De vogels kunnen na de leeftijd van 6 weken gevaccineerd worden tegen Oostelijke en Westelijke Encefalitis (van paarden afkomst, gedood vaccin). Herhaalde vaccinaties moeten elke 1-2 maanden voor 3 injecties, dan 1-2x per jaar. In ons gebied zijn er slechts om de 4-8 jaar uitbraken van WEE of EEE; eenmaal per jaar vaccineren in het voorjaar is voldoende. In sommige andere gebieden komt een parasiet voor die Chandlerella quiscali heet, een worm die naar de hersenen migreert. Bij ons komt deze parasiet niet voor, zodat de maandelijkse behandelingen met ivermectine niet nodig zijn. Rondwormparasieten van de wasbeer, die in het weefsel van de loopvogels migreren, kunnen een probleem vormen als de omheining onvoldoende is.

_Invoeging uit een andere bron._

Lemma mdiv_Sf_vdef (v : vfield) i :
  (forall l, symmetric_hessian (fun t y => v t y l) t x) ->
  2 * mdiv (Sf (vdef v)) t x i = - vcurl (vcurl v) t x i.
Proof.
  intro Hv.
  assert (Hex : forall a b l, ex_dsp a (dsp b (fun t y => v t y l)) t x)
    by (intros; apply Hv).
  assert (Hsym : forall a b l, dsp a (dsp b (fun t y => v t y l)) t x
                            = dsp b (dsp a (fun t y => v t y l)) t x)
    by (intros; apply Hv).
  unfold vcurl, mdiv, Sf, vdef, Sop, msym, mtr, vgrad, sum3.
  expand_dsp.
  destruct i; eval_coeffs;
    rewrite ?(Hsym I1 I0), ?(Hsym I2 I0), ?(Hsym I2 I1); field.
Qed.

End Identities.

(** * Smooth fields *)

Lemma cont_lin a b f g t x : cont_at f t x -> cont_at g t x ->
  cont_at (fun s y => a * f s y + b * g s y) t x.
Proof.
  intros Hf Hg eps He.
  set (k := Rabs a + Rabs b + 1).
  assert (Hk : 0 < k) by (unfold k; generalize (Rabs_pos a) (Rabs_pos b); lra).
  set (q := eps / k).
  assert (Hq : 0 < q) by (apply Rdiv_lt_0_compat; auto).
  destruct (Hf q Hq) as [d1 [Hd1 H1]], (Hg q Hq) as [d2 [Hd2 H2]].
  exists (Rmin d1 d2); split; [apply Rmin_pos; auto|].
  intros s y Hs Hy.
  assert (Hs1 := Rlt_le_trans _ _ _ Hs (Rmin_l d1 d2)).
  assert (Hs2 := Rlt_le_trans _ _ _ Hs (Rmin_r d1 d2)).
  specialize (H1 s y Hs1 (fun i => Rlt_le_trans _ _ _ (Hy i) (Rmin_l d1 d2))).
  specialize (H2 s y Hs2 (fun i => Rlt_le_trans _ _ _ (Hy i) (Rmin_r d1 d2))).
  replace (a * f s y + b * g s y - (a * f t x + b * g t x))
    with (a * (f s y - f t x) + b * (g s y - g t x)) by ring.
  eapply Rle_lt_trans; [apply Rabs_triang|]; rewrite !Rabs_mult.
  assert (B1 : Rabs a * Rabs (f s y - f t x) <= Rabs a * q)
    by (apply Rmult_le_compat_l; [apply Rabs_pos|lra]).
  assert (B2 : Rabs b * Rabs (g s y - g t x) <= Rabs b * q)
    by (apply Rmult_le_compat_l; [apply Rabs_pos|lra]).
  assert (E : Rabs a * q + Rabs b * q + q = k * q) by (unfold k; ring).
  assert (Ek : k * q = eps) by (unfold q; field; lra).
  lra.
Qed.

Lemma cont_at_time h s x : cont_at h s x -> continuous (fun r => h r x) s.
Proof.
  intro H; apply filterlim_locally; intro eps.
  destruct (H eps (cond_pos eps)) as [d [Hd Hd']].
  exists (mkposreal d Hd); intros r Hr; apply Hd'; [exact Hr|].
  intro i; rewrite Rminus_diag, Rabs_R0; auto.
Qed.

Lemma continuity_2d_pt_ext (f g : R -> R -> R) u v : (forall u v, f u v = g u v) ->
  continuity_2d_pt f u v -> continuity_2d_pt g u v.
Proof.
  intros H; replace g with f; auto.
  do 2 (apply functional_extensionality; intro); auto.
Qed.

Lemma cont_at_slice g t x d1 d2 : cont_at g t x ->
  continuity_2d_pt
    (fun u v => g (move_t d2 (move_t d1 t u) v) (move_x d2 (move_x d1 x u) v))
    (coord d1 t x) (coord d2 t x).
Proof.
  intros Hg eps; destruct (Hg eps (cond_pos eps)) as [de [Hde H]].
  exists (mkposreal de Hde); intros u v Hu Hv; simpl in *.
  rewrite (move_t_coord d1 t x), (move_x_coord d1 t x),
    (move_t_coord d2 t x), (move_x_coord d2 t x).
  destruct (near_move2 de t x d1 d2 u v Hde Hu Hv); auto.
Qed.

Lemma pds_app l l' f : pds l (pds l' f) = pds (l ++ l') f.
Proof. induction l as [|d l IH]; simpl; auto. rewrite IH; auto. Qed.

Section SmoothFields.

Variable U : R -> pt -> Prop.
Hypothesis HU : open4 U.

Lemma locally_line d t x : U t x ->
  locally (coord d t x) (fun r => U (move_t d t r) (move_x d x r)).
Proof.
  intro Ht; destruct (open4_near U t x HU Ht) as [e [He H]].
  exists (mkposreal e He); intros r Hr; apply H.
  apply near_move; [apply near_refl; exact He | exact Hr].
Qed.

Lemma pd_local d f g t x : U t x ->
  (forall s y, U s y -> f s y = g s y) -> pd d f t x = pd d g t x.
Proof.
  intros Ht Hfg; rewrite !pd_line; apply Derive_ext_loc.
  generalize (locally_line d t x Ht); apply filter_imp; auto.
Qed.

Lemma cont_at_local f g t x : U t x -> (forall s y, U s y -> f s y = g s y) ->
  cont_at f t x -> cont_at g t x.
Proof.
  intros Ht Hfg Hf eps He; destruct (Hf eps He) as [d [Hd H]].
  destruct (open4_near U t x HU Ht) as [e [He' HUe]].
  exists (Rmin d e); split; [apply Rmin_pos; auto|].
  intros s y Hs Hy.
  assert (Hnear : near e t x s y).
  { split; [|intro i]; eapply Rlt_le_trans; eauto; apply Rmin_r. }
  rewrite <- !Hfg by auto using near_refl.
  apply H; [|intro i]; eapply Rlt_le_trans; eauto; apply Rmin_l.
Qed.

Lemma smooth_ex_line f l d t x : smooth_on U f -> U t x ->
  ex_derive (fun r => pds l f (move_t d t r) (move_x d x r)) (coord d t x).
Proof. intros Hf Ht; destruct (Hf l t x Ht) as [_ [H1 H2]]; destruct d; simpl; auto. Qed.

Lemma smooth_ex_line_at f l d t x u : smooth_on U f -> U (move_t d t u) (move_x d x u) ->
  ex_derive (fun r => pds l f (move_t d t r) (move_x d x r)) u.
Proof.
  intros Hf Ht; generalize (smooth_ex_line f l d _ _ Hf Ht); rewrite coord_move.
  apply ex_derive_ext; intro r; rewrite move_t_move, move_x_move; reflexivity.
Qed.

Lemma smooth_pds f l : smooth_on U f -> smooth_on U (pds l f).
Proof. intros Hf l' t x Ht; rewrite pds_app; apply Hf; auto. Qed.

Lemma smooth_dsp k f : smooth_on U f -> smooth_on U (dsp k f).
Proof. exact (smooth_pds f [DX k]). Qed.

Lemma pds_lin a b f g l t x : smooth_on U f -> smooth_on U g -> U t x ->
  pds l (fun s y => a * f s y + b * g s y) t x = a * pds l f t x + b * pds l g t x.
Proof.
  intros Hf Hg; revert t x; induction l as [|d l IH]; intros t x Ht; simpl; auto.
  rewrite (pd_local d _ (fun s y => a * pds l f s y + b * pds l g s y)) by auto.
  rewrite !pd_line, Derive_plus, !Derive_scal; auto;
    apply ex_derive_scal; apply smooth_ex_line; auto.
Qed.

Lemma smooth_lin a b f g : smooth_on U f -> smooth_on U g ->
  smooth_on U (fun s y => a * f s y + b * g s y).
Proof.
  intros Hf Hg l t x Ht.
  assert (E : forall s y, U s y ->
    a * pds l f s y + b * pds l g s y = pds l (fun s y => a * f s y + b * g s y) s y)
    by (intros; rewrite pds_lin; auto).
  assert (Hline : forall d, ex_derive (fun r =>
      pds l (fun s y => a * f s y + b * g s y) (move_t d t r) (move_x d x r)) (coord d t x)).
  { intro d.
    apply (ex_derive_ext_loc (fun r =>
      a * pds l f (move_t d t r) (move_x d x r) + b * pds l g (move_t d t r) (move_x d x r))).
    - generalize (locally_line d t x Ht); apply filter_imp; auto.
    - apply (ex_derive_plus (fun r => a * pds l f (move_t d t r) (move_x d x r))
                            (fun r => b * pds l g (move_t d t r) (move_x d x r)));
        apply ex_derive_scal, smooth_ex_line; auto. }
  split; [|split].
  - apply (cont_at_local _ _ t x Ht E), cont_lin; [apply Hf|apply Hg]; auto.
  - exact (Hline DT).
  - intro k; exact (Hline (DX k)).
Qed.

Lemma smooth_plus f g : smooth_on U f -> smooth_on U g ->
  smooth_on U (fun s y => f s y + g s y).
Proof.
  intros Hf Hg; replace (fun s y => f s y + g s y) with (fun s y => 1 * f s y + 1 * g s y)
    by (do 2 (apply functional_extensionality; intro); ring).
  apply smooth_lin; auto.
Qed.

Lemma smooth_minus f g : smooth_on U f -> smooth_on U g ->
  smooth_on U (fun s y => f s y - g s y).
Proof.
  intros Hf Hg; replace (fun s y => f s y - g s y) with (fun s y => 1 * f s y + -1 * g s y)
    by (do 2 (apply functional_extensionality; intro); ring).
  apply smooth_lin; auto.
Qed.

Lemma smooth_scal c f : smooth_on U f -> smooth_on U (fun s y => c * f s y).
Proof.
  intro Hf; replace (fun s y => c * f s y) with (fun s y => c * f s y + 0 * f s y)
    by (do 2 (apply functional_extensionality; intro); ring).
  apply smooth_lin; auto.
Qed.

Lemma smooth_scal_r c f : smooth_on U f -> smooth_on U (fun s y => f s y * c).
Proof.
  intro Hf; replace (fun s y => f s y * c) with (fun s y => c * f s y + 0 * f s y)
    by (do 2 (apply functional_extensionality; intro); ring).
  apply smooth_lin; auto.
Qed.

Section Slice.

Variables (d1 d2 : dir) (t : R) (x : pt).
Hypothesis Hd : d1 <> d2.

Let slice_t u v := move_t d2 (move_t d1 t u) v.
Let slice_x u v := move_x d2 (move_x d1 x u) v.

Lemma slice_t_comm u v : move_t d1 (move_t d2 t v) u = slice_t u v.
Proof. apply move_t_comm; auto. Qed.

Lemma slice_x_comm u v : move_x d1 (move_x d2 x v) u = slice_x u v.
Proof. apply move_x_comm; auto. Qed.

Lemma Derive_slice_2 g u v :
  Derive (fun w => g (slice_t u w) (slice_x u w)) v = pd d2 g (slice_t u v) (slice_x u v).
Proof. apply pd_line_at. Qed.

Lemma Derive_slice_1 g u v :
  Derive (fun z => g (slice_t z v) (slice_x z v)) u = pd d1 g (slice_t u v) (slice_x u v).
Proof.
  rewrite <- slice_t_comm, <- slice_x_comm, <- pd_line_at.
  apply Derive_ext; intro z; rewrite slice_t_comm, slice_x_comm; reflexivity.
Qed.

Lemma pd_swap f : smooth_on U f -> U t x -> pd d1 (pd d2 f) t x = pd d2 (pd d1 f) t x.
Proof.
  intros Hf Ht.
  set (phi := fun u v => f (slice_t u v) (slice_x u v)).
  set (u0 := coord d1 t x); set (v0 := coord d2 t x).
  assert (L : pd d1 (pd d2 f) t x = Derive (fun z => Derive (fun w => phi z w) v0) u0).
  { rewrite pd_line; apply Derive_ext; intro z.
    rewrite pd_line, coord_move_other by auto; reflexivity. }
  assert (R : pd d2 (pd d1 f) t x = Derive (fun z => Derive (fun w => phi w z) u0) v0).
  { rewrite pd_line; apply Derive_ext; intro z.
    rewrite pd_line, coord_move_other by congruence.
    apply Derive_ext; intro w; unfold phi; rewrite slice_t_comm, slice_x_comm; reflexivity. }
  rewrite L, R; clear L R.
  destruct (open4_near U t x HU Ht) as [e [He HUe]].
  assert (HP : forall u v, Rabs (u - u0) < e -> Rabs (v - v0) < e -> U (slice_t u v) (slice_x u v))
    by (intros; apply HUe, near_move2; auto).
  apply Schwarz.
  - exists (mkposreal e He); intros u v Hu Hv; simpl in Hu, Hv.
    assert (HUP := HP u v Hu Hv).
    assert (HUP' : U (move_t d1 (move_t d2 t v) u) (move_x d1 (move_x d2 x v) u))
      by (rewrite slice_t_comm, slice_x_comm; exact HUP).
    split; [|split; [|split]].
    + apply (ex_derive_ext (fun z => pds [] f (move_t d1 (move_t d2 t v) z) (move_x d1 (move_x d2 x v) z))).
      { intro z; unfold phi; rewrite slice_t_comm, slice_x_comm; reflexivity. }
      apply smooth_ex_line_at; auto.
    + apply (smooth_ex_line_at f [] d2 (move_t d1 t u) (move_x d1 x u)); auto.
    + apply (ex_derive_ext (fun z => pds [d2] f (move_t d1 (move_t d2 t v) z) (move_x d1 (move_x d2 x v) z))).
      { intro z; unfold phi; rewrite Derive_slice_2, slice_t_comm, slice_x_comm; reflexivity. }
      apply smooth_ex_line_at; auto.
    + apply (ex_derive_ext (fun z => pds [d1] f (move_t d2 (move_t d1 t u) z) (move_x d2 (move_x d1 x u) z))).
      { intro z; unfold phi; rewrite Derive_slice_1; reflexivity. }
      apply smooth_ex_line_at; auto.
  - apply (continuity_2d_pt_ext (fun u v => pds [d1; d2] f (slice_t u v) (slice_x u v))).
    { intros u v; unfold phi; simpl; rewrite <- Derive_slice_1.
      apply Derive_ext; intro z; rewrite Derive_slice_2; reflexivity. }
    apply cont_at_slice, Hf; auto.
  - apply (continuity_2d_pt_ext (fun u v => pds [d2; d1] f (slice_t u v) (slice_x u v))).
    { intros u v; unfold phi; simpl; rewrite <- Derive_slice_2.
      apply Derive_ext; intro z; rewrite Derive_slice_1; reflexivity. }
    apply cont_at_slice, Hf; auto.
Qed.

Gezondheidscertificaten, laboratoriumtests en veterinaire inspectie zijn vereist voor hun reizen tussen staten. Als u volwassen vogels koopt, kunnen wij u röntgenfoto’s adviseren voor “hardware” in hun maag. Tekenen van vogelziekte zijn gewichtsverlies, diarree, hangende ogen, veerafwijkingen, oog- en neusuitvloeiing, gezwollen gewrichten, ademhalingsmoeilijkheden en een zoekende vogel die pluizige veren heeft.
Als de vogels voor voedsel bestemd zijn, moet het gebruik van sommige antibiotica en de wachttijd daarvoor worden overwogen. Sommige antibiotica, zoals chlooramfenicol, enroflaxine en sommige sulfamiddelen zijn verboden voor gebruik bij alle dieren die voor voedsel bestemd zijn. Elk product dat niet door de FDA is goedgekeurd voor gebruik bij voedselproducerende dieren, mag niet worden gebruikt bij emoes die uiteindelijk voor voedsel kunnen worden gebruikt.